RNA-Seq data from sequenced libraries were used to assess differences in gene expression among samples. To estimate the expression pattern of each transcript in different tissues, reads from each cDNA library were mapped onto the final transcriptome assembly using Bowtie 2 package [42]. The read counts were then estimated for each transcript at individual libraries using RSEM software [43]. Differential gene expression analysis was performed using DESeq v1.14.1 software [44] by pairwise comparisons between root samples, seedlings, normal leaves and curly leaves.

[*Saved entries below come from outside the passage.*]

Lemma rank_le_Acc d : forall c, rank_le c d -> Acc rank_lt c.
Proof.
  induction d as [| |g IH]; intros c Hcd; constructor; intros c' Hlt;
    destruct c as [| |f]; simpl in *; try tauto.
  destruct Hlt as [i Hi]. destruct (Hcd i) as [j Hj].
  apply (IH j). eapply rank_le_trans; eauto.
Qed.

Lemma rank_lt_wf : well_founded rank_lt.
Proof. intro c. exact (rank_le_Acc c c (rank_le_refl c)). Qed.

Lemma rank_lt_irrefl c : ~ rank_lt c c.
Proof. induction (rank_lt_wf c) as [c _ IH]. intro H. exact (IH c H H). Qed.

Lemma rank_le_Nor g d : (forall j, rank_lt (g j) d) -> rank_le (Nor g) d.
Proof. destruct d; simpl; [intro H; destruct (H (natK 0)) .. | tauto]. Qed.

Lemma rank_le_or_lt c : forall d, rank_le c d \/ rank_lt d c.
Proof.
  induction c as [| |f IH]; intro d; [left; exact I | left; exact I |].
  destruct d as [| |g]; [right; exists (natK 0); exact I .. |].
  destruct (classic (forall i, exists j, rank_le (f i) (g j))) as [H|H]; [left; exact H|].
  right. apply not_all_ex_not in H as [i Hi]. exists i. apply rank_le_Nor. intro j.
  destruct (IH i (g j)) as [H|H]; [exfalso; eauto | exact H].
Qed.

Definition rank_class (d : code) : code -> Prop := fun c => rank_le c d /\ rank_le d c.

Definition rank : Type := {P : code -> Prop | exists d, P = rank_class d}.

Definition rank_of (d : code) : rank := exist _ (rank_class d) (ex_intro _ d eq_refl).

Lemma rank_of_surj (P : rank) : exists d, P = rank_of d.
Proof. destruct P as [P [d ->]]. exists d. reflexivity. Qed.

Lemma rank_of_eq c d : rank_of c = rank_of d <-> rank_le c d /\ rank_le d c.
Proof.
  split.
  - intro E. assert (Hc : rank_class c c) by (split; apply rank_le_refl).
    apply (f_equal (@proj1_sig _ _)) in E. simpl in E. rewrite E in Hc.
    destruct Hc as [H1 H2]. auto.
  - intros [Hcd Hdc]. apply sig_eq. simpl. extensionality e. apply propositional_extensionality.
    unfold rank_class. split; intros [H1 H2]; split; eapply rank_le_trans; eauto.
Qed.

Definition rank_ord (P Q : rank) : Prop :=
  exists c d, P = rank_of c /\ Q = rank_of d /\ rank_lt c d.

Lemma rank_ord_of c d : rank_ord (rank_of c) (rank_of d) <-> rank_lt c d.
Proof.
  split; [|intro H; exists c, d; auto].
  intros (c' & d' & Ec & Ed & H).
  apply rank_of_eq in Ec as [Hcc' _]. apply rank_of_eq in Ed as [_ Hd'd].
  eapply rank_le_lt_trans; [exact Hcc'|]. eapply rank_lt_le_trans; eauto.
Qed.
Lemma fine_partition_exists a b d :
  a < b -> d > 0 -> exists x N, mesh_partition a b x N d.
Proof.
  intros Hab Hd. destruct (INR_archimed d (b - a) Hd) as [N HN].
  assert (HN0 : (0 < N)%nat) by (destruct N; [simpl in HN; lra | lia]).
  assert (HNpos : 0 < INR N) by (apply lt_0_INR; auto).
  assert (Hstep : 0 < (b - a) / INR N) by (apply Rdiv_lt_0_compat; lra).
  assert (Hfine : (b - a) / INR N < d).
  { apply (Rmult_lt_reg_r (INR N)); auto. unfold Rdiv.
    rewrite Rmult_assoc, Rinv_l, Rmult_1_r by lra. lra. }
  exists (fun i => a + INR i * ((b - a) / INR N)), N.
  split; [auto | split; [simpl; ring | split; [field; lra |]]].
  intros i _. rewrite S_INR. split; lra.
Qed.

Definition glue (x : nat -> R) (N : nat) (y : nat -> R) (i : nat) : R :=
  if (i <=? N)%nat then x i else y (i - N)%nat.

Lemma glue_lo x N y i : (i <= N)%nat -> glue x N y i = x i.
Proof. intros H; unfold glue; apply Nat.leb_le in H; rewrite H; auto. Qed.

Lemma glue_hi x N y i : y O = x N -> glue x N y (N + i) = y i.
Proof.
  intros E; unfold glue. destruct i as [|i].
  - rewrite Nat.add_0_r, Nat.leb_refl; auto.
  - replace ((N + S i) <=? N)%nat with false by (symmetry; apply Nat.leb_gt; lia).
    f_equal; lia.
Qed.

Lemma glue_partition a b c x N y M d :
  mesh_partition a b x N d -> mesh_partition b c y M d ->
  mesh_partition a c (glue x N y) (N + M) d.
Proof.
  intros [HN [Ha [Hb Hx]]] [HM [Hb' [Hc Hy]]].
  assert (Hj : y O = x N) by congruence.
  split; [lia | split; [rewrite glue_lo by lia; auto | split; [rewrite glue_hi; auto |]]].
  intros i Hi. destruct (Nat.lt_ge_cases i N) as [h|h].
  - rewrite !glue_lo by lia. apply Hx; auto.
  - replace i with (N + (i - N))%nat by lia.
    replace (S (N + (i - N))) with (N + S (i - N))%nat by lia.
    rewrite !glue_hi by auto. apply Hy; lia.
Qed.

Lemma glue_sums T x N y M : y O = x N ->
  lower_sum T (glue x N y) (N + M) = lower_sum T x N + lower_sum T y M /\
  upper_sum T (glue x N y) (N + M) = upper_sum T x N + upper_sum T y M.
Proof.
  intros Hj; unfold lower_sum, upper_sum; rewrite !psum_split; split; f_equal;
    solve [ apply psum_ext; intros i Hi; rewrite !glue_lo by lia; auto
          | apply psum_ext; intros i Hi; replace (S (N + i)) with (N + S i)%nat by lia;
            rewrite !glue_hi by auto; auto ].
Qed.

(** Limits of lower and upper sums *)

Definition darboux_limit (T : R -> R) (a b I : R) : Prop :=
  forall e, e > 0 -> exists d, d > 0 /\ forall x N, mesh_partition a b x N d ->
    Rabs (lower_sum T x N - I) < e /\ Rabs (upper_sum T x N - I) < e.

Definition nondecreasing_on (T : R -> R) (a b : R) : Prop :=
  forall s t, a <= s -> s <= t -> t <= b -> T s <= T t.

A P-value cut-off of ≤ 0.001 along with at least four-fold-changes were used to identify significant differential expression. To further evaluate the clustering of individual samples and experimental replicates, principal component analysis was performed by DESeq2 program using transformed count read data (log transformation).

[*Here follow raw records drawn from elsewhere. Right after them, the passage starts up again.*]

Lemma iso_positive_conj {a b} (h : Hom C b b) (m : Hom C a b) :
  iso_positive h -> is_iso m -> iso_positive (m† ∘ (h ∘ m)).
Proof.
  intros [c' [g [Hg ->]]] Hm. exists c', (g ∘ m). split.
  - apply is_iso_comp; assumption.
  - rewrite dag_comp. assocr. reflexivity.
Qed.

(* If [l ∘ k = K† ∘ K], then [K ∘ (k ∘ p) ∘ K^-1] is [K^-1† ∘ (l ∘ p) ∘ K^-1]: an
   iso-positive involution. *)
Lemma iso_positive_involution_eq
    (Hinv : forall (c : Ob C) (j : Hom C c c), iso_positive j -> j ∘ j = idm c -> j = idm c)
    {c : Ob C} (l k p : Hom C c c) :
  k ∘ k = idm c -> p ∘ p = idm c -> k ∘ p = p ∘ k ->
  iso_positive (l ∘ k) -> iso_positive (l ∘ p) -> k = p.
Proof.
  intros Hk Hp Hkp [c' [K [[Ki [EK1 EK2]] HlK]]] Hlp.
  assert (HJ : K ∘ (k ∘ (p ∘ Ki)) = Ki† ∘ ((l ∘ p) ∘ Ki)).
  { transitivity (Ki† ∘ ((l ∘ k) ∘ (k ∘ (p ∘ Ki)))).
    - rewrite HlK. assocr. crwl (dag_comp Ki K). rewrite EK2, dag_id, comp_idl.
      reflexivity.
    - assocr. crw Hk. rewrite comp_idl. reflexivity. }
  assert (HJJ : (K ∘ (k ∘ (p ∘ Ki))) ∘ (K ∘ (k ∘ (p ∘ Ki))) = idm c').
  { assocr. crw EK1. rewrite comp_idl. crwl Hkp. crw Hk. rewrite comp_idl.
    crw Hp. rewrite comp_idl. exact EK2. }
  assert (HJ1 : K ∘ (k ∘ (p ∘ Ki)) = idm c').
  { apply Hinv; [| exact HJJ]. rewrite HJ. apply iso_positive_conj; [exact Hlp |].
    exists K. split; assumption. }
  assert (Hkp1 : k ∘ p = idm c).
  { transitivity (Ki ∘ ((K ∘ (k ∘ (p ∘ Ki))) ∘ K)).
    - assocr. rewrite EK1, comp_idr. crw EK1. rewrite comp_idl. reflexivity.
    - rewrite HJ1, comp_idl. exact EK1. }
  rewrite <- (comp_idr k), <- Hp, comp_assoc, Hkp1, comp_idl. reflexivity.
Qed.

End IsoPositive.

Section Functor.
Context {C D : SMDagCat} (F : SMDagFunctor C D).

Lemma mu_unitary_l x y : (mu F x y)† ∘ mu F x y = idm _.
Proof. apply mu_unitary. Qed.
Lemma mu_unitary_r x y : mu F x y ∘ (mu F x y)† = idm _.
Proof. apply mu_unitary. Qed.
Lemma eps_unitary_l : (eps F)† ∘ eps F = idm _.
Proof. apply eps_unitary. Qed.
Lemma eps_unitary_r : eps F ∘ (eps F)† = idm _.
Proof. apply eps_unitary. Qed.

Lemma Fm_tensm a b c d (f : Hom C a b) (g : Hom C c d) :
  Fm F (f ⊗ g) = mu F b d ∘ ((Fm F f ⊗ Fm F g) ∘ (mu F a c)†).
Proof. rewrite comp_assoc. apply (comp_solve_r (mu_unitary_r a c)). apply mu_nat. Qed.

Lemma Fm_runit a : Fm F (runit a) = runit (Fo F a) ∘ ((idm _ ⊗ (eps F)†) ∘ (mu F a unit)†).
Proof.
  apply (comp_solve_r (w := mu F a unit ∘ (idm _ ⊗ eps F))).
  { assocr. tmerge. rewrite eps_unitary_r, tens_id, comp_idl. apply mu_unitary_r. }
  apply F_runit.
Qed.

Lemma Fm_lunit a : Fm F (lunit a) = lunit (Fo F a) ∘ (((eps F)† ⊗ idm _) ∘ (mu F unit a)†).
Proof.
  apply (comp_solve_r (w := mu F unit a ∘ (eps F ⊗ idm _))).
  { assocr. tmerge. rewrite eps_unitary_r, tens_id, comp_idl. apply mu_unitary_r. }
  apply F_lunit.
Qed.

Lemma Fm_assoc x y z :
  Fm F (assoc x y z) = mu F x (tens y z) ∘ ((idm _ ⊗ mu F y z) ∘
    (assoc _ _ _ ∘ (((mu F x y)† ⊗ idm _) ∘ (mu F (tens x y) z)†))).
Proof.
  transitivity ((mu F x (tens y z) ∘ ((idm _ ⊗ mu F y z) ∘ assoc _ _ _)) ∘
                (((mu F x y)† ⊗ idm _) ∘ (mu F (tens x y) z)†)).
  - apply (comp_solve_r (w := mu F (tens x y) z ∘ (mu F x y ⊗ idm _))).
    { assocr. tmerge. rewrite mu_unitary_r, tens_id, comp_idl. apply mu_unitary_r. }
    rewrite F_assoc. assocr. reflexivity.
  - assocr. reflexivity.
Qed.

Lemma Fm_braid x y : Fm F (braid x y) = mu F y x ∘ (braid _ _ ∘ (mu F x y)†).
Proof. rewrite comp_assoc. apply (comp_solve_r (mu_unitary_r x y)). apply F_braid. Qed.

Lemma Fm_is_iso a b (f : Hom C a b) : is_iso f -> is_iso (Fm F f).
Proof.
  intros [fi [E1 E2]]. exists (Fm F fi).
  rewrite <- !Fm_comp, E1, E2. rewrite !Fm_id. split; reflexivity.
Qed.

Lemma Fm_iso_positive a (h : Hom C a a) : iso_positive h -> iso_positive (Fm F h).
Proof.
  intros [c' [g [Hg ->]]]. exists (Fo F c'), (Fm F g). split.
  - apply Fm_is_iso, Hg.
  - rewrite Fm_comp, Fm_dag. reflexivity.
Qed.

End Functor.

Ltac simp_mu F := repeat (first [ rewrite (comp_rw2 (mu_unitary_l F _ _))
   | rewrite (mu_unitary_l F _ _) | rewrite (comp_rw2 (mu_unitary_r F _ _))
   | rewrite (mu_unitary_r F _ _) | rewrite (comp_rw2 (eps_unitary_l F))
   | rewrite (eps_unitary_l F) | rewrite (comp_rw2 (eps_unitary_r F))
   | rewrite (eps_unitary_r F) | rewrite comp_idl | rewrite comp_idr ]).

Ltac Fm_expand F := rewrite ?Fm_comp, ?Fm_dag, ?Fm_tensm, ?Fm_runit, ?Fm_lunit, ?Fm_assoc,
  ?Fm_braid, ?Fm_id, ?Fm_dag; rewrite ?dag_comp, ?dag_tens, ?dag_invol, ?dag_id; assocr.

Section Fermionic.
Context {C : FermCat}.

Lemma lam_par_iso_positive (HC : fermionically_dagger_compact C) (x : Ob C) :
  iso_positive (lam x ∘ par (dualo x)).
Proof.
  assert (Hid : iso_positive (idm x)).
  { exists x, (idm x). split.
    - exists (idm x). split; apply comp_idl.
    - rewrite dag_id, comp_idl. reflexivity. }
  pose proof (HC x (idm x) Hid (idm _) eq_refl (idm _) (comp_idl _) (comp_idl _)) as H.
  rewrite comp_idl in H. exact H.
Qed.

Lemma ev_par_swap (d y : Ob C) (e : Hom C (tens d y) unit) :
  e ∘ (idm d ⊗ par y) = e ∘ (par d ⊗ idm y).
Proof.
  transitivity (e ∘ ((par d ⊗ par y) ∘ (par d ⊗ idm y))).
  - rewrite tens_comp_merge, par_invol, comp_idr. reflexivity.
  - rewrite <- par_tens, comp_assoc, <- par_nat, par_unit, comp_idl. reflexivity.
Qed.

End Fermionic.

Section FermionicFunctor.
Context {D1 D2 : FermCat} (F : SMDagFunctor D1 D2).

Definition Fcoev (x : Ob D1) : Hom D2 unit (tens (Fo F x) (Fo F (dualo x))) :=
  (mu F x (dualo x))† ∘ (Fm F (coev x) ∘ eps F).

Definition Fev (x : Ob D1) : Hom D2 (tens (Fo F (dualo x)) (Fo F x)) unit :=
  (eps F)† ∘ (Fm F (ev x) ∘ mu F (dualo x) x).

Lemma Fcoev_snake_l x : snake_l (Fcoev x) (Fev x).
Proof.
  unfold snake_l, Fcoev, Fev. transitivity (Fm F (idm x)); [| apply Fm_id].
  rewrite <- (zigzag_l x). Fm_expand F. simp_mu F.
  rewrite !tens_idl_comp, !tens_idr_comp. assocr. reflexivity.
Qed.

Lemma Fcoev_snake_r x : snake_r (Fcoev x) (Fev x).
Proof.
  unfold snake_r, Fcoev, Fev. transitivity (Fm F (idm (dualo x))); [| apply Fm_id].
  rewrite <- (zigzag_r x). Fm_expand F. simp_mu F.
  rewrite !tens_idl_comp, !tens_idr_comp. assocr. reflexivity.
Qed.

Lemma Fm_lam x : Fm F (lam x) = lam_of (Fcoev x).
Proof.
  unfold lam, lam_of, Fcoev. Fm_expand F.
  repeat (tmerge; simp_mu F; rewrite ?tens_id; assocr).
  reflexivity.
Qed.

Lemma Fev_par x :
  Fev x ∘ (idm _ ⊗ Fm F (par x)) = Fev x ∘ (Fm F (par (dualo x)) ⊗ idm _).
Proof.
  unfold Fev. assocr.
  rewrite <- (Fm_id F (dualo x)). crwl (mu_nat F (idm (dualo x)) (par x)).
  crwl (Fm_comp F (idm (dualo x) ⊗ par x) (ev x)). rewrite ev_par_swap.
  rewrite Fm_comp, <- (Fm_id F x). assocr. crw (mu_nat F (par (dualo x)) (idm x)).
  reflexivity.
Qed.

End FermionicFunctor.

Lemma Fm_par_dual {D1 D2 : FermCat}
    (H1 : fermionically_dagger_compact D1) (H2 : fermionically_dagger_compact D2)
    (F : SMDagFunctor D1 D2)
    (Hinv : forall (c : Ob D2) (j : Hom D2 c c),
        iso_positive j -> comp j j = idm c -> j = idm c)
    (x : Ob D1) :
  Fm F (par (dualo x)) = par (Fo F (dualo x)).
Proof.
  set (psi := dual_transfer (Fcoev F x) (ev (Fo F x))).
  assert (Hpsi : is_iso psi).
  { apply (dual_transfer_iso (coev (Fo F x)) (ev (Fo F x)) (Fcoev F x) (Fev F x));
      [apply zigzag_l | apply zigzag_r | apply Fcoev_snake_l | apply Fcoev_snake_r]. }
  assert (HL : Fm F (lam x) = psi ∘ (lam (Fo F x) ∘ psi†)).
  { rewrite Fm_lam, <- (dual_transfer_coev (coev (Fo F x)) (ev (Fo F x)) (Fcoev F x)).
    - apply lam_of_conj.
    - apply zigzag_l. }
  apply (iso_positive_involution_eq Hinv (Fm F (lam x))).
  - rewrite <- Fm_comp, par_invol. apply Fm_id.
  - apply par_invol.
  - symmetry. apply par_nat.
  - rewrite <- Fm_comp. apply Fm_iso_positive, lam_par_iso_positive, H1.
  - assert (E : psi ∘ (lam (Fo F x) ∘ psi†) ∘ par (Fo F (dualo x))
                = psi†† ∘ ((lam (Fo F x) ∘ par (dualo (Fo F x))) ∘ psi†)).
    { rewrite dag_invol. assocr. rewrite par_nat. reflexivity. }
    rewrite HL, E. apply iso_positive_conj.
    + apply lam_par_iso_positive, H2.
    + apply is_iso_dag, Hpsi.
Qed.

Theorem mainTheorem1 (D1 D2 : FermCat)
  (H1 : fermionically_dagger_compact D1) (H2 : fermionically_dagger_compact D2)
  (F : SMDagFunctor D1 D2)
  (Hinv : forall (c : Ob D2) (j : Hom D2 c c),
      iso_positive j -> comp j j = idm c -> j = idm c) :
  forall x : Ob D1, Fm F (@par D1 x) = @par D2 (Fo F x).
Proof.
  intro x.
  apply (ev_tens_inj (Fcoev F x) (Fev F x)); [apply Fcoev_snake_l |].
  rewrite Fev_par, (Fm_par_dual H1 H2 F Hinv x). symmetry. apply ev_par_swap.
Qed.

Quantitative real-time PCR (qRT-PCR) analysis

To verify the expression patterns revealed by DGE results, we performed quantitative real-time reverse transcription PCR (qRT-PCR) in transcripts showing significant differential expression patterns between tissue samples in the DESeq analyses, specifically PC, OEE, MAL, MET, PE, and TUA as a reference gene. Primers are listed in Additional file 5: Figure S2. Total RNA was extracted from a seedling (root, leaf) and from an adult tree (normal leaf, curly leaf) using Purelink RNA Mini Kit (Ambion) as described above. One microgram RNA was used to generate cDNA with the reverse transcription system kit (Promega) according to manufacturer’s guidelines. Real-time PCR was performed using Power SYBR Green PCR Master Mix and the StepOne detection system (ThermoFisher). The total mixture reaction volume (12 μL) contained 1.2 μL cDNA, Template (< 100 ng), 6 μL SYBR Premix (2X), 0.6 μL of forward and reverse primers (10 pmol) and 4.5 μL of dH2O (sterile distilled water). PCR conditions were as follows: 95 °C for 30s initial denaturation, followed by 40 cycles of denaturation at 95 °C for 5 s and annealing at 60 °C for 30s. All reactions were carried out in duplicated for technical and biological repetitions, and the amplicons were subject to melting curve analysis to determine amplification specificity. Raw data on the relative abundance of each transcript were expressed as mean ± standard deviation (SD). The relative expression levels of selected genes were normalized to the tubulin A gene using the 2-ΔΔCt method and data analysed using the Step One Software v2.2.2. Expression stability from internal control gene was assessed by the cycle threshold (Ct) values obtained in real-time PCR in a set of three different tissue samples (root, normal leaf and curly leaf). Prior to the 2-ΔΔCt analysis, we checked the efficiencies of the reference gene (TUA) and target genes (PC, MET, PX, OEE, MAL) were similar [45].